14. PRIVACY PRACTICES

Your use of our services is also governed by our Privacy Policy, which explains how we collect, use, and protect your personal information. The Privacy Policy is incorporated herein by reference. By accepting these Terms, you also consent to our data practices as described in the Privacy Policy.

15. TERMINATION

We may suspend or terminate your access to our products or services immediately, without prior notice, for conduct violating these Terms or applicable law. Upon termination, your license to use Digital Products terminates, and you must cease all use and delete all copies. Sections regarding Intellectual Property, Disclaimers, Limitation of Liability, Indemnification, Governing Law, and Termination shall survive termination of these Terms.

16. FORCE MAJEURE

Neither party shall be liable for failure or delay in performance under these Terms resulting from circumstances beyond reasonable control, including but not limited to acts of God, war, terrorism, riots, embargoes, acts of civil or military authorities, fire, floods, accidents, strikes, shortages of transportation, fuel, energy, labor or materials, or telecommunications failures. The affected party shall provide prompt notice of the force majeure event and use commercially reasonable efforts to mitigate its effects.

17. GENERAL PROVISIONS

These Terms constitute the entire agreement between you and CBA regarding our products and services, superseding all prior discussions or agreements. If any provision is held invalid or unenforceable, the remainder shall remain in full force. Our failure to enforce any right under these Terms shall not constitute waiver of that right. You may not assign your rights or obligations without our prior written consent; we may assign our rights freely. Section headings are for convenience only and do not affect interpretation. These Terms do not create any third-party beneficiary rights. Notices to us must be sent to our Rock Hill, South Carolina address or via email to our designated contact address.

18. CONTACT INFORMATION

For questions regarding these Terms, product delivery issues, or service concerns, please contact us directly:

Business Name: CBA (Command.
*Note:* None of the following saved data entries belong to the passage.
(* Given distributions $F_S,F_B$, let $p^*:=\inf\{p:\mathbb{P}[S\ge p]\le 1/5\}$. If $\mathbb{P}[B\le p^*]\le 1/5$, then $\mathsf{W}(p^*;F_S,F_B)\ge\frac{17}{25}\,\mathsf{OPT\text{-}W}(F_S,F_B)$.
   Context: Asymmetric bilateral trade: $S\sim F_S$, $B\sim F_B$ independent, distributions on $[0,\infty)$ with finite means. Posting price $p$, trade iff $B>p\ge S$. $\mathsf{W}(p;F_S,F_B)=\mathbb{E}[S+(B-S)\mathbf 1_{B>p\ge S}]$, $\mathsf{OPT\text{-}W}(F_S,F_B)=\mathbb{E}[\max\{B,S\}]$. *)

From HB Require Import structures.
From mathcomp Require Import all_boot all_order all_algebra.
From mathcomp Require Import all_classical all_reals all_analysis.
Set Implicit Arguments. Unset Strict Implicit. Unset Printing Implicit Defensive.
Import Order.TTheory GRing.Theory Num.Theory.
Local Open Scope classical_set_scope.
Local Open Scope ring_scope.

(* Independent S ~ FS, B ~ FB : the joint law is the product measure FS \x FB
   on R * R, with first coordinate S (seller) and second coordinate B (buyer). *)

Definition W (R : realType) (FS FB : probability R R) (p : R) : \bar R :=
  (\int[FS \x FB]_(x in [set: R * R])
     (x.1 + (x.2 - x.1) * ((p < x.2) && (x.1 <= p))%:R)%:E)%E.

Definition OPTW (R : realType) (FS FB : probability R R) : \bar R :=
  (\int[FS \x FB]_(x in [set: R * R]) (Num.max x.2 x.1)%:E)%E.

Definition pstar (R : realType) (FS : probability R R) : R :=
  inf [set p : R | (FS `[p, +oo[%classic <= (1 / 5 : R)%:E)%E].

Definition nonneg_finite_mean (R : realType) (F : probability R R) : Prop :=
  F `]-oo, 0[%classic = 0%E /\ F.-integrable [set: R] (fun x => x%:E).

From HB Require Import structures.
From mathcomp Require Import all_boot all_order all_algebra.
From mathcomp Require Import all_classical all_reals all_analysis.
From mathcomp Require Import measurable_realfun lra.
Import Order.TTheory GRing.Theory Num.Theory.
Local Open Scope classical_set_scope.
Local Open Scope ring_scope.

(* Write x^+ = max(x, 0) and p = p*.  For s >= 0 the gains
   from trade of posting p split pointwise into three separable pieces,
     s + (b - s) 1_{b > p >= s} = s^+ + 1_{s <= p} (b - p)^+ + (p - s)^+ 1_{b > p},
   while max(b, s) <= s^+ + (b - p)^+ + (p - s)^+.  Integrating against the
   product law FS \x FB (Tonelli), and using that S >= 0 almost surely,
     W(p)   = E[S^+] + P[S <= p] E[(B - p)^+] + E[(p - S)^+] P[B > p],
     OPT-W <= E[S^+] +           E[(B - p)^+] + E[(p - S)^+].
   Hence a OPT-W <= W(p) as soon as a <= 1, a <= P[S <= p] and a <= P[B > p].
   For p = p*, right continuity of the tail function r |-> P[S > r] gives
   P[S > p*] <= 1/5, and P[B <= p*] <= 1/5 is assumed, so both probabilities
   are at least 4/5 >= 17/25.
   The file proves the pointwise identities, the integration lemmas over a
   product of probabilities, the two decompositions and the approximation
   bound, then the tail bound at p*, and derives lemma12 from them. *)

Section pointwise.
Context {R : realType}.

Lemma indic_ray_le (p x : R) : \1_(`]-oo, p]%classic) x = (x <= p)%R%:R :> R.
Proof. by rewrite indicE mem_setE in_itv. Qed.

Lemma indic_ray_gt (p x : R) : \1_(`]p, +oo[%classic) x = (p < x)%R%:R :> R.
Proof. by rewrite indicE mem_setE in_itv /= andbT. Qed.

Lemma trade_indicator (p s b : R) :
  ((p < b) && (s <= p))%R%:R =
  \1_(`]-oo, p]%classic) s * \1_(`]p, +oo[%classic) b :> R.
Proof.
rewrite indic_ray_le indic_ray_gt andbC.
by case: (s <= p)%R; rewrite ?mul1r ?mul0r.
Qed.

Lemma welfare_split (p s b : R) : 0 <= s ->
  s + (b - s) * ((p < b) && (s <= p))%R%:R =
  Num.max s 0 * 1 + \1_(`]-oo, p]%classic) s * Num.max (b - p) 0
  + Num.max (p - s) 0 * \1_(`]p, +oo[%classic) b.
Proof.
move=> s_ge0.
have above : Num.max (b - p) 0 = if (p < b)%R then b - p else 0.
  by case: ltP => h; [apply/max_idPl; lra | apply/max_idPr; lra].
have below : Num.max (p - s) 0 = if (s <= p)%R then p - s else 0.
  by case: leP => h; [apply/max_idPl; lra | apply/max_idPr; lra].
rewrite above below indic_ray_le indic_ray_gt (max_idPl s_ge0).
by case: leP => sp; case: ltP => pb /=; lra.
Qed.

Lemma optimum_split (p s b : R) :
  Num.max b (Num.max s 0) <=
  Num.max s 0 * 1 + 1 * Num.max (b - p) 0 + Num.max (p - s) 0 * 1.
Proof.
have le_pos (x : R) : x <= Num.max x 0 by rewrite le_max lexx.
have pos_ge0 (x : R) : 0 <= Num.max x 0 by rewrite le_max lexx orbT.
have := le_pos s; have := pos_ge0 (b - p); have := le_pos (b - p).
have := pos_ge0 (p - s); have := le_pos (p - s).
by rewrite mulr1 mul1r mulr1 ge_max => *; apply/andP; split; lra.
Qed.

End pointwise.

Definition nonneg_mfun {R : realType} (f : R -> R) : Prop :=
  measurable_fun [set: R] f /\ forall x, 0 <= f x.

Section nonneg_mfun.
Context {R : realType}.

Lemma nonneg_mfun_one : nonneg_mfun (fun _ : R => 1).
Proof. by split=> [|x]; [exact: measurable_cst | exact: ler01]. Qed.

Lemma nonneg_mfun_indic (A : set R) : measurable A -> nonneg_mfun (\1_A).
Proof. by move=> mA; split=> [|x]; [exact: measurable_indic | rewrite indicE]. Qed.

Lemma nonneg_mfun_pos (f : R -> R) :
  measurable_fun [set: R] f -> nonneg_mfun (fun x => Num.max (f x) 0).
Proof.
move=> mf; split=> [|x]; last by rewrite le_max lexx orbT.
by apply: measurable_maxr => //; exact: measurable_cst.
Qed.

End nonneg_mfun.

Section product_integrals.
Context {R : realType} (FS FB : probability R R).
Local Open Scope ereal_scope.

Lemma measurable_separable (g h : R -> R) :
  measurable_fun [set: R] g -> measurable_fun [set: R] h ->
  measurable_fun [set: R * R] (fun z : R * R => g z.1 * h z.2)%R.
Proof.
move=> mg mh; apply: measurable_funM.
- exact: measurableT_comp mg measurable_fst.
- exact: measurableT_comp mh measurable_snd.
Qed.

Lemma emeasurable_separable (g h : R -> R) :
  measurable_fun [set: R] g -> measurable_fun [set: R] h ->
  measurable_fun [set: R * R] (fun z : R * R => (g z.1 * h z.2)%:E).
Proof. by move=> mg mh; apply/measurable_EFinP; exact: measurable_separable. Qed.

Lemma integral_separable (g h : R -> R) : nonneg_mfun g -> nonneg_mfun h ->
  \int[FS \x FB]_(z in setT) (g z.1 * h z.2)%:E =
  (\int[FS]_(x in setT) (g x)%:E) * (\int[FB]_(y in setT) (h y)%:E).
Proof.
move=> [mg g0] [mh h0].
rewrite fubini_tonelli1 /fubini_F /=; last 2 first.
- exact: emeasurable_separable.
- by move=> z; rewrite lee_fin mulr_ge0.
transitivity (\int[FS]_(x in setT) ((g x)%:E * \int[FB]_(y in setT) (h y)%:E)).
  apply: eq_integral => x _; rewrite -ge0_integralZl_EFin //.
  - by move=> y _; rewrite lee_fin.
  - exact/measurable_EFinP.
rewrite ge0_integralZr //.
- exact/measurable_EFinP.
- by move=> x _; rewrite lee_fin.
- by apply: integral_ge0 => y _; rewrite lee_fin.
Qed.

Lemma integral_separable3 (g1 h1 g2 h2 g3 h3 : R -> R) :
  nonneg_mfun g1 -> nonneg_mfun h1 -> nonneg_mfun g2 -> nonneg_mfun h2 ->
  nonneg_mfun g3 -> nonneg_mfun h3 ->
  \int[FS \x FB]_(z in setT)
     ((g1 z.1 * h1 z.2)%:E + (g2 z.1 * h2 z.2)%:E + (g3 z.1 * h3 z.2)%:E) =
  (\int[FS]_(x in setT) (g1 x)%:E) * (\int[FB]_(y in setT) (h1 y)%:E)
  + (\int[FS]_(x in setT) (g2 x)%:E) * (\int[FB]_(y in setT) (h2 y)%:E)
  + (\int[FS]_(x in setT) (g3 x)%:E) * (\int[FB]_(y in setT) (h3 y)%:E).
Proof.
move=> G1 H1 G2 H2 G3 H3.
have meas (g h : R -> R) : nonneg_mfun g -> nonneg_mfun h ->
    measurable_fun [set: R * R] (fun z : R * R => (g z.1 * h z.2)%:E).
  by move=> [mg _] [mh _]; exact: emeasurable_separable.
have ge0 (g h : R -> R) : nonneg_mfun g -> nonneg_mfun h ->
    forall z : R * R, setT z -> 0 <= (g z.1 * h z.2)%:E.
  by move=> [_ g0] [_ h0] z _; rewrite lee_fin mulr_ge0.
have m1 := meas _ _ G1 H1; have m2 := meas _ _ G2 H2; have m3 := meas _ _ G3 H3.
have p1 := ge0 _ _ G1 H1; have p2 := ge0 _ _ G2 H2; have p3 := ge0 _ _ G3 H3.
rewrite ge0_integralD //; first by rewrite ge0_integralD // !integral_separable.
- by move=> z _; rewrite adde_ge0 // ?p1 ?p2.
- exact (emeasurable_funD m1 m2).
Qed.

Lemma ae_eq_seller_nonneg (f g : R * R -> \bar R) :
  FS `]-oo, 0%R[%classic = 0 -> (forall z, (0 <= z.1)%R -> f z = g z) ->
  ae_eq (FS \x FB) setT f g.
Proof.
move=> S0 fg; exists (`]-oo, 0%R[%classic `*` setT); split.
- by apply: measurableX => //; exact: measurable_itv.
- transitivity (FS `]-oo, 0%R[%classic * FB setT).
    by apply: product_measure1E => //; exact: measurable_itv.
  by rewrite S0 mul0e.
- move=> z /= nfg; split => //=; rewrite in_itv /= ltNge; apply/negP => z0.
  by apply: nfg => _; exact: fg.
Qed.

Lemma integral_prob_one (P : probability R R) :
  \int[P]_(x in setT) (1 : R)%:E = 1.
Proof. by rewrite integral_cst //= mul1e probability_setT. Qed.

End product_integrals.

Section welfare_bound.
Context {R : realType} (FS FB : probability R R) (p : R).
Hypothesis seller_nonneg : FS `]-oo, 0[%classic = 0%E.
Let mray_le : measurable (`]-oo, p]%classic : set R).
Proof. exact: measurable_itv. Qed.
Let mray_gt : measurable (`]p, +oo[%classic : set R).
Proof. exact: measurable_itv. Qed.
Let pos_id : nonneg_mfun (fun x : R => Num.max x 0).
Proof. exact/nonneg_mfun_pos/measurable_id. Qed.
Let pos_above : nonneg_mfun (fun x : R => Num.max (x - p) 0).
Proof. by apply/nonneg_mfun_pos/measurable_funB => //; exact: measurable_cst. Qed.
Let pos_below : nonneg_mfun (fun x : R => Num.max (p - x) 0).
Proof. by apply/nonneg_mfun_pos/measurable_funB => //; exact: measurable_cst. Qed.

Local Open Scope ereal_scope.

Lemma W_decomposition :
  W FS FB p =
  \int[FS]_x (Num.max x 0)%:E
  + FS `]-oo, p]%classic * \int[FB]_y (Num.max (y - p) 0)%:E
  + \int[FS]_x (Num.max (p - x) 0)%:E * FB `]p, +oo[%classic.
Proof.
rewrite /W (ae_eq_integral (fun z : R * R =>
    (Num.max z.1 0 * 1)%:E
    + (\1_(`]-oo, p]%classic) z.1 * Num.max (z.2 - p) 0)%:E
    + (Num.max (p - z.1) 0 * \1_(`]p, +oo[%classic) z.2)%:E)) //.
- rewrite (integral_separable3 _ _ _ _ _ _ _ _ pos_id nonneg_mfun_one
    (nonneg_mfun_indic _ mray_le) pos_above pos_below
    (nonneg_mfun_indic _ mray_gt)).
  by rewrite !integral_prob_one !integral_indic // !setIT mule1.
- apply/measurable_EFinP; under eq_fun do rewrite trade_indicator.
  apply: measurable_funD; first exact: measurable_fst.
  apply: measurable_funM.
    by apply: measurable_funB; [exact: measurable_snd | exact: measurable_fst].
  by apply: measurable_separable; exact: measurable_indic.
- have [[m1 _] [m2 _]] := (pos_id, pos_above); have [m3 _] := pos_below.
  have [[i1 _] [i2 _]] :=
    (nonneg_mfun_indic _ mray_le, nonneg_mfun_indic _ mray_gt).
  apply: emeasurable_funD; first apply: emeasurable_funD.
  + exact: (emeasurable_separable _ _ m1 (measurable_cst _)).
  + exact: (emeasurable_separable _ _ i1 m2).
  + exact: (emeasurable_separable _ _ m3 i2).
- by apply: ae_eq_seller_nonneg => // z z0; rewrite -!EFinD welfare_split.
Qed.

Lemma OPTW_upper_bound :
  OPTW FS FB <=
  \int[FS]_x (Num.max x 0)%:E + \int[FB]_y (Num.max (y - p) 0)%:E
  + \int[FS]_x (Num.max (p - x) 0)%:E.
Proof.
have [[m1 g1] [m2 _]] := (pos_id, pos_above); have [m3 _] := pos_below.
pose bound (z : R * R) := (Num.max z.1 0 * 1)%:E + (1 * Num.max (z.2 - p) 0)%:E
  + (Num.max (p - z.1) 0 * 1)%:E.
have m_opt : measurable_fun [set: R * R]
    (fun z : R * R => (Num.max z.2 (Num.max z.1 0))%:E).
  apply/measurable_EFinP/measurable_maxr; first exact: measurable_snd.
  exact: measurableT_comp m1 measurable_fst.
rewrite /OPTW (ae_eq_integral _ _ _ _ m_opt) //; last 2 first.
- apply/measurable_EFinP/measurable_maxr.
    exact: measurable_snd.
  exact: measurable_fst.
- by apply: ae_eq_seller_nonneg => // z z0; rewrite (max_idPl z0).
apply: (@le_trans _ _ (\int[FS \x FB]_(z in setT) bound z)).
  apply: ge0_le_integral => //.
  - by move=> z _; rewrite lee_fin le_max g1 orbT.
  - apply: emeasurable_funD; first apply: emeasurable_funD.
    + exact: (emeasurable_separable _ _ m1 (measurable_cst _)).
    + exact: (emeasurable_separable _ _ (measurable_cst _) m2).
    + exact: (emeasurable_separable _ _ m3 (measurable_cst _)).
  - by move=> z _; rewrite /bound -!EFinD lee_fin; exact: optimum_split.
rewrite (integral_separable3 _ _ _ _ _ _ _ _ pos_id nonneg_mfun_one
  nonneg_mfun_one pos_above pos_below nonneg_mfun_one).
by rewrite !integral_prob_one !mule1 !mul1e.
Qed.

Lemma welfare_approximation (a : R) : (0 <= a <= 1)%R ->
  a%:E <= FS `]-oo, p]%classic -> a%:E <= FB `]p, +oo[%classic ->
  a%:E * OPTW FS FB <= W FS FB p.
Proof.
move=> /andP[a0 a1] aS aB; rewrite W_decomposition.
have a_ge0 : 0 <= a%:E by rewrite lee_fin.
apply: le_trans (lee_wpmul2l a_ge0 OPTW_upper_bound) _.
have [[_ g1] [_ g2]] := (pos_id, pos_above); have [_ g3] := pos_below.
set A := \int[FS]_x (Num.max x 0)%:E.
set X := \int[FB]_y (Num.max (y - p) 0)%:E.
set Y := \int[FS]_x (Num.max (p - x) 0)%:E.
have [A0 X0 Y0] : [/\ 0 <= A, 0 <= X & 0 <= Y].
  by split; apply: integral_ge0 => x _; rewrite lee_fin ?g1 ?g2 ?g3.
clearbody A X Y.
rewrite !ge0_muleDr ?adde_ge0 //.
apply: leeD; first apply: leeD.
- by rewrite -[leRHS]mul1e; apply: lee_pmul => //; rewrite lee_fin.
- exact: lee_pmul.
- by rewrite muleC; apply: lee_pmul.
Qed.

End welfare_bound.

Section pstar_tail.
Context {R : realType} (FS : probability R R).
Local Open Scope ereal_scope.

(* The identity of R, seen as a random variable on (R, FS), so that the
   library's complementary distribution function r |-> FS ]r, +oo[ applies. *)
Let idR : R -> R := idfun.
#[local] HB.instance Definition _ :=
  @isMeasurableFun.Build _ _ _ _ idR (@measurable_id _ _ setT).

Let ccdf_idE (r : R) : ccdf (idR : {RV FS >-> R}) r = FS `]r, +oo[%classic.
Proof. by rewrite /ccdf /distribution /pushforward preimage_id. Qed.

(* The tail vanishes at +oo, so the infimum defining p* is over a
   nonempty set. *)
Lemma pstar_set_nonempty :
  [set p : R | FS `[p, +oo[%classic <= (1 / 5 : R)%:E] !=set0.
Proof.
have fifth_gt0 : 0 < (1 / 5 : R)%:E by rewrite lte_fin divr_gt0.
have [M [_ HM]] := cvg_ccdfy0 (idR : {RV FS >-> R}) (open_ereal_lt' fifth_gt0).
exists (M + 2)%R.
apply/ltW/(le_lt_trans _ (HM (M + 1)%R _)); last by rewrite ltrDl.
rewrite ccdf_idE; apply: le_measure; rewrite ?inE; try exact: measurable_itv.
by apply: subitvPl; rewrite bnd_simp ltrD2l ltr1n.
Qed.

(* P[S > p*] <= 1/5: every r > p* lies above some p with P[S >= p] <= 1/5,
   and the tail function is right continuous. *)
Lemma pstar_upper_tail : FS `]pstar FS, +oo[%classic <= (1 / 5 : R)%:E.
Proof.
rewrite -ccdf_idE.
apply: (cvge_le _ (@ccdf_right_continuous _ _ _ FS idR (pstar FS))).
near=> r; have pr : (pstar FS < r)%R by near: r; exact: nbhs_right_gt.
have [q Hq qr] := inf_lt pstar_set_nonempty pr.
rewrite ccdf_idE; apply: le_trans Hq; apply: le_measure; rewrite ?inE;
  try exact: measurable_itv.
by apply: subitvPl; rewrite bnd_simp ltW.
Unshelve. all: by end_near.
Qed.

End pstar_tail.

Lemma probability_setC_ge (R : realType) (P : probability R R) (A : set R)
    (e : R) :
  measurable A -> (P A <= e%:E)%E -> ((1 - e)%:E <= P (~` A))%E.
Proof.
move=> mA PA; rewrite probability_setC // -(fineK (fin_num_measure P _ mA)).
by rewrite -EFinB lee_fin lerD2l lerN2 -lee_fin fineK ?fin_num_measure.
Qed.

Theorem lemma12 (R : realType) (FS FB : probability R R) :
  nonneg_finite_mean FS -> nonneg_finite_mean FB ->
  (FB `]-oo, pstar FS]%classic <= (1 / 5 : R)%:E)%E ->
  (((17 / 25 : R)%:E * OPTW FS FB) <= W FS FB (pstar FS))%E.
Proof.
move=> [seller_nonneg _] _ buyer_low.
have quota_le : (17 / 25 <= 1 - 1 / 5 :> R)%R by lra.
apply: welfare_approximation => //.
- by apply/andP; split; lra.
- rewrite -setCitvr.
  apply: le_trans (probability_setC_ge _ _ _ _ _ (pstar_upper_tail FS)).
  + by rewrite lee_fin.
  + exact: measurable_itv.
- rewrite -setCitvl.
  apply: le_trans (probability_setC_ge _ _ _ _ _ buyer_low).
  + by rewrite lee_fin.
  + exact: measurable_itv.
Qed.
Build. Achieve.)

Location: Rock Hill, South Carolina

These Terms were drafted for CBA (Command. Build. Achieve.), a South Carolina-based logistics consulting and educational content business founded on January 14, 2026. This document serves as a comprehensive legal framework governing customer relationships and should be reviewed by qualified legal counsel to ensure compliance with evolving regulations.